L’expert économique Moez Joudi a livré mercredi 5 mars 2014 un constat relatif à la gestion des recettes des biens expropriés à la famille Ben Ali par la troïka. Il rappelle que pas moins de cinq entreprises expropriées ont été déjà vendues, à savoir Tunisiana (reste 10 %), Stafim Peugeot, Ennakl, KIA et Banque de Tunisie. « Si on rajoute les 1,9 milliard de dinars de Tunisie Telecom et avec un simple calcul, indique M. Joudi, on ressort avec un pactole de trois milliards de dinars que la troïka a eu dans ses mains et qu’elle a dilapidé puisqu’elle nous laisse aujourd’hui des déficits partout et des ardoises qui se chiffrent à des milliards de dinars qu’on doit régler !!!! C’est criminel ! A noter que trois milliards de dinars équivalent au coût d’une autoroute jusqu’à Tozeur avec des brettelles vers Sidi Bouzid et Kasserine (6 millions de dinars le coût de 1 Km d’autoroute environ, faites le calcul !!! ».
Business News a vérifié les données présentées par Moez Joudi et voilà ce qui ressort de nos calculs des parts cédées de l’Etat.
La part confisquée dans la Banque de Tunisie a été vendue au français CIC pour un montant de 217 millions de dinars.
La part confisquée dans Ennakl a été vendue au consortium Poulina/Parenin/Amen pour un montant de 231 millions de dinars.

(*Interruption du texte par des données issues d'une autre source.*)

(* A run of n null steps from a non-optimal serious point x_s: the proximal
   value gains at least (n-1) null_pair increments but stays within
   |g(x_s)|^2/(2 rho) of f(x_s), hence n <= null_run_const L rho beta. *)
Lemma null_run_length s n : run_start desc s ->
  (forall k, (s <= k < s + n)%N -> ~~ desc k) -> (0 < n)%N -> fstar f < f (x s) ->
  n%:R <= null_run_const L rho beta.
Proof.
move=> start nulls n_gt0 not_opt.
set G := dot (g (x s)) (g (x s)).
have G_gt0 : 0 < G.
  rewrite lt0r dot_ge0 andbT; apply/eqP => /dot_eq0 g0.
  have [xs xs_min] := fstar_attained f_min.
  have := g_sub (x s) xs; rewrite g0 dot0l addr0 xs_min; lra.
have pred_lt : (n.-1 < n)%N by rewrite ltn_predL.
have tele := run_telescope nulls pred_lt.
have start_le := gap_start_le start.
have end_ge := gap_ge (run_x_const nulls (leq_pred n)).
rewrite -/G in tele start_le end_ge.
have c_ge0 : 0 <= G / (2 * (2 * L + rho)).
  by rewrite divr_ge0 ?dot_ge0 // mulr_ge0 // addr_ge0 ?mulr_ge0 // ltW.
have pv_le : 2 * L * (prox_value (s + n.-1) - prox_value s) <= L * G / rho.
  have -> : L * G / rho = 2 * L * (G / (2 * rho)) by field; rewrite gt_eqF.
  by rewrite ler_wpM2l ?mulr_ge0 //; lra.
rewrite -(prednK n_gt0) -natr1.
apply: (null_run_arith L_ge0 rho_gt0 _ G_gt0 (ler0n _ _) (le_trans tele pv_le)).
by rewrite beta_ge0 beta_lt1.
Qed.

Lemma nulls_bound K : (forall k, (k < K)%N -> fstar f < f (x k)) ->
  (count (fun k => ~~ desc k) (iota 0 K))%:R <=
    null_run_const L rho beta * ((count desc (iota 0 K))%:R + 1).
Proof.
move=> not_opt; apply: null_steps_bound => s n sn_le start nulls.
case: (posnP n) => [->|n_gt0]; first exact: null_run_const_ge0.
by apply: (null_run_length start nulls n_gt0); apply: not_opt; lia.
Qed.

End NullSteps.
End ProximalBundle.

(* Main theorem. *)
Theorem theorem2 (R : realType) (d : nat) (f : 'rV[R]_d -> R)
  (grad : 'rV[R]_d -> 'rV[R]_d) (L : R) (g : 'rV[R]_d -> 'rV[R]_d)
  (beta rho : R) (x z : nat -> 'rV[R]_d) (model : nat -> 'rV[R]_d -> R) :
  convex_fun f ->
  is_gradient f grad ->
  0 <= L ->
  (forall u v, enorm (grad u - grad v) <= L * enorm (u - v)) ->
  attains_min f ->
  (forall u, is_subgrad f u (g u)) ->
  0 < beta < 1 -> 0 < rho ->
  PBM_run f g beta rho x z model ->
  has_ubound (range (fun k => dist (x k) (Xstar f) ^+ 2)) ->
  let D2 := sup (range (fun k => dist (x k) (Xstar f) ^+ 2)) in
  0 < D2 ->
  forall eps : R, 0 < eps -> eps <= f (x 0%N) - fstar f ->
  let N := 2 * rho * D2 / (beta * eps)
           + ceil_pos (2 * ln ((f (x 0%N) - fstar f) / (rho * D2)) / beta) in
  forall K : nat, (forall k, (k < K)%N -> eps < f (x k) - fstar f) ->
    (count (is_descent f beta x z model) (iota 0 K))%:R <= N /\
    (count (fun k => ~~ is_descent f beta x z model k) (iota 0 K))%:R
      <= 16 * (L + rho) ^+ 3 / ((1 - beta) ^+ 2 * rho ^+ 3) * (N + 1).
Proof.
move=> f_cvx f_grad L_ge0 grad_lip f_min g_sub /andP[beta_gt0 beta_lt1] rho_gt0 run
  D2_bounded D2 D2_gt0 eps eps_gt0 _ N K gap_gt.
have dist_le k : dist (x k) (Xstar f) ^+ 2 <= D2 by apply: ub_le_sup => //; exists k.
have descents : (count (is_descent f beta x z model) (iota 0 K))%:R <= N.
  rewrite /N -[2 * rho * D2]mulrA; apply: descents_bound dist_le eps_gt0 gap_gt => //.
  by rewrite beta_gt0 ltW.
have smooth := smooth_upper_bound f_grad L_ge0 grad_lip g_sub.
have not_opt k : (k < K)%N -> fstar f < f (x k) by move=> /gap_gt; lra.
split=> //; apply: le_trans (nulls_bound g_sub f_min rho_gt0 run L_ge0 (ltW beta_gt0)
  beta_lt1 smooth not_opt) _.
by rewrite ler_wpM2l ?lerD2r // null_run_const_ge0.
Qed.
(* Let $w \in S_n$. If $w$ contains a $321$ pattern, then the Schubert polynomial $\mathfrak{S}_w$ is not a complete homogeneous monomial.
   Context: $h^i_j$ is the complete homogeneous symmetric polynomial of degree $j$ in $x_1,\dots,x_i$; a complete homogeneous monomial is a product $h^1_{a_1}h^2_{a_2}\cdots$ with nonnegative integers $a_i$, finitely many nonzero. Schubert polynomials: $\mathfrak{S}_{w_0} = x_1^{n-1}\cdots x_{n-1}$ for the longest $w_0 \in S_n$, and $\partial_i\mathfrak{S}_w = \mathfrak{S}_{ws_i}$ if $\ell(ws_i)=\ell(w)-1$, $0$ otherwise, where $\partial_i f = (f-s_if)/(x_i-x_{i+1})$. $w$ contains a $321$ pattern if there are $i<j<k$ with $w(i)>w(j)>w(k)$. *)

From HB Require Import structures.
From mathcomp Require Import all_boot all_order all_algebra all_fingroup.
From mathcomp Require Import mpoly.
Set Implicit Arguments. Unset Strict Implicit. Unset Printing Implicit Defensive.
Import Order.TTheory GRing.Theory Num.Theory.
Local Open Scope ring_scope.

(* Polynomials in the variables x_1, ..., x_N are {mpoly int[N]};
   x_{k+1} is represented by [var k] (and is 0 if k >= N, never used). *)
Definition var (N : nat) (k : nat) : {mpoly int[N]} :=
  match insub k with Some i => 'X_i | None => 0 end.

Definition hcomp (N : nat) (i j : nat) : {mpoly int[N]} :=
  \sum_(m : 'X_{1..N < j.+1} |
          (mdeg (m : 'X_{1..N}) == j) && [forall k : 'I_N, (i <= k)%N ==> (m k == 0%N)])
     'X_[(m : 'X_{1..N})].

Definition complete_hom_monomial (N : nat) (f : {mpoly int[N]}) : Prop :=
  exists a : 'I_N -> nat, f = \prod_(k < N) hcomp N k.+1 (a k).

(* the substitution s_i exchanging x_{i+1} and x_{i+2} (0-based i) *)
Definition swapvar (N i : nat) (p : {mpoly int[N]}) : {mpoly int[N]} :=
  comp_mpoly [tuple var N (if val k == i then i.+1
                           else if val k == i.+1 then i else val k) | k < N] p.

Definition perm_length (n : nat) (w : {perm 'I_n}) : nat :=
  #|[set p : 'I_n * 'I_n | (p.1 < p.2)%N && (w p.2 < w p.1)%N]|.

Definition w0 (n : nat) : {perm 'I_n} := perm (@rev_ord_inj n).

(* S is the family of Schubert polynomials of S_n (variables x_1..x_N, n <= N):
   S_{w0} = x_1^{n-1} x_2^{n-2} ... x_{n-1}, and for every simple transposition
   s_i = (i i+1),  d_i S_w = S_{w s_i} if l(w s_i) = l(w) - 1, and 0 otherwise,
   where d_i f = (f - s_i f)/(x_i - x_{i+1}); the division is unfolded as
   (x_i - x_{i+1}) * d_i f = f - s_i f (the ring is an integral domain). *)
Definition schubert_family (n N : nat) (S : {perm 'I_n} -> {mpoly int[N]}) : Prop :=
  S (w0 n) = \prod_(k < n) var N k ^+ (n.-1 - k)
  /\ forall (w : {perm 'I_n}) (i j : 'I_n), val j = (val i).+1 ->
       let ws := (tperm i j * w)%g in   (* ws = w o s_i *)
       if (perm_length ws).+1 == perm_length w
       then (var N i - var N j) * S ws = S w - swapvar i (S w)
       else S w - swapvar i (S w) = 0.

La part confisquée dans Stafim Peugeot a été vendue au Groupe Khechine pour un montant de 166 millions de dinars.
La part confisquée dans City Cars (Kia) a été cédée au consortium Bouchamaoui/Chabchoub pour un montant de 114 millions de dinars.
Quant à Tunisiana, elle a été cédée de gré à gré au qatari Qtel, en violation totale de l’appel d’offres initial et de l’engagement de l’Etat de ne pas céder cette part à un opérateur. Le montant final de la transaction n’a pas été dévoilé. Tout ce que l’on sait, c’est que Royal Luxembourg a proposé 305 millions d’euros (plus de 600 millions de dinars) avant de se retirer de l’appel d’offres. Il a été éconduit, quelques jours plus tôt, de l’appel d’offres relatif à la Banque de Tunisie, alors qu’il a été le plus disant. Il a été considéré à l’époque comme opaque.
Le problème n’est cependant pas dans l’éjection de Royal Luxembourg, mais dans la transaction entre l’Etat tunisien et Qtel, puisque le montant de la cession n’a pas été annoncé publiquement. Une évaluation a été faite à l’époque et tourne autour de 500 millions d’euros.
Quoiqu’il en soit, tous ces montants additionnés et auxquels on rajoute la part de vente de Tunisie Telecom laissée par Ben Ali dans les caisses de l’Etat, on atteint facilement les trois milliards de dinars, annoncés par l’expert Moez Joudi.
Précisons que le montant de six millions de dinars donné par l’expert est exagéré.
Business News a contacté un haut cadre du ministère de l’Equipement qui nous a précisé que le coût d’un kilomètre d’autoroute varie entre 4 et 6 millions de dinars, tout compris (études, réalisations, expropriations…). Cet écart est justifié par la nature des terrains tout au long du tronçon et des expropriations à faire. Le montant de six millions de dinars représente donc la fourchette haute.
Toujours est-il que même en considérant la fourchette haute, il est évident que les recettes des expropriations, non prévues initialement dans le budget de l’Etat sous Ben Ali, pouvaient construire cette autoroute qui aurait facilité l’accès à ces régions pour pouvoir y investir et y créer de l’emploi. Au lieu de quoi, la troïka a préféré embaucher en masse et consacrer d’énormes moyens pour l’indemnisation des anciens prisonniers, à travers le recrutement dans la fonction publique.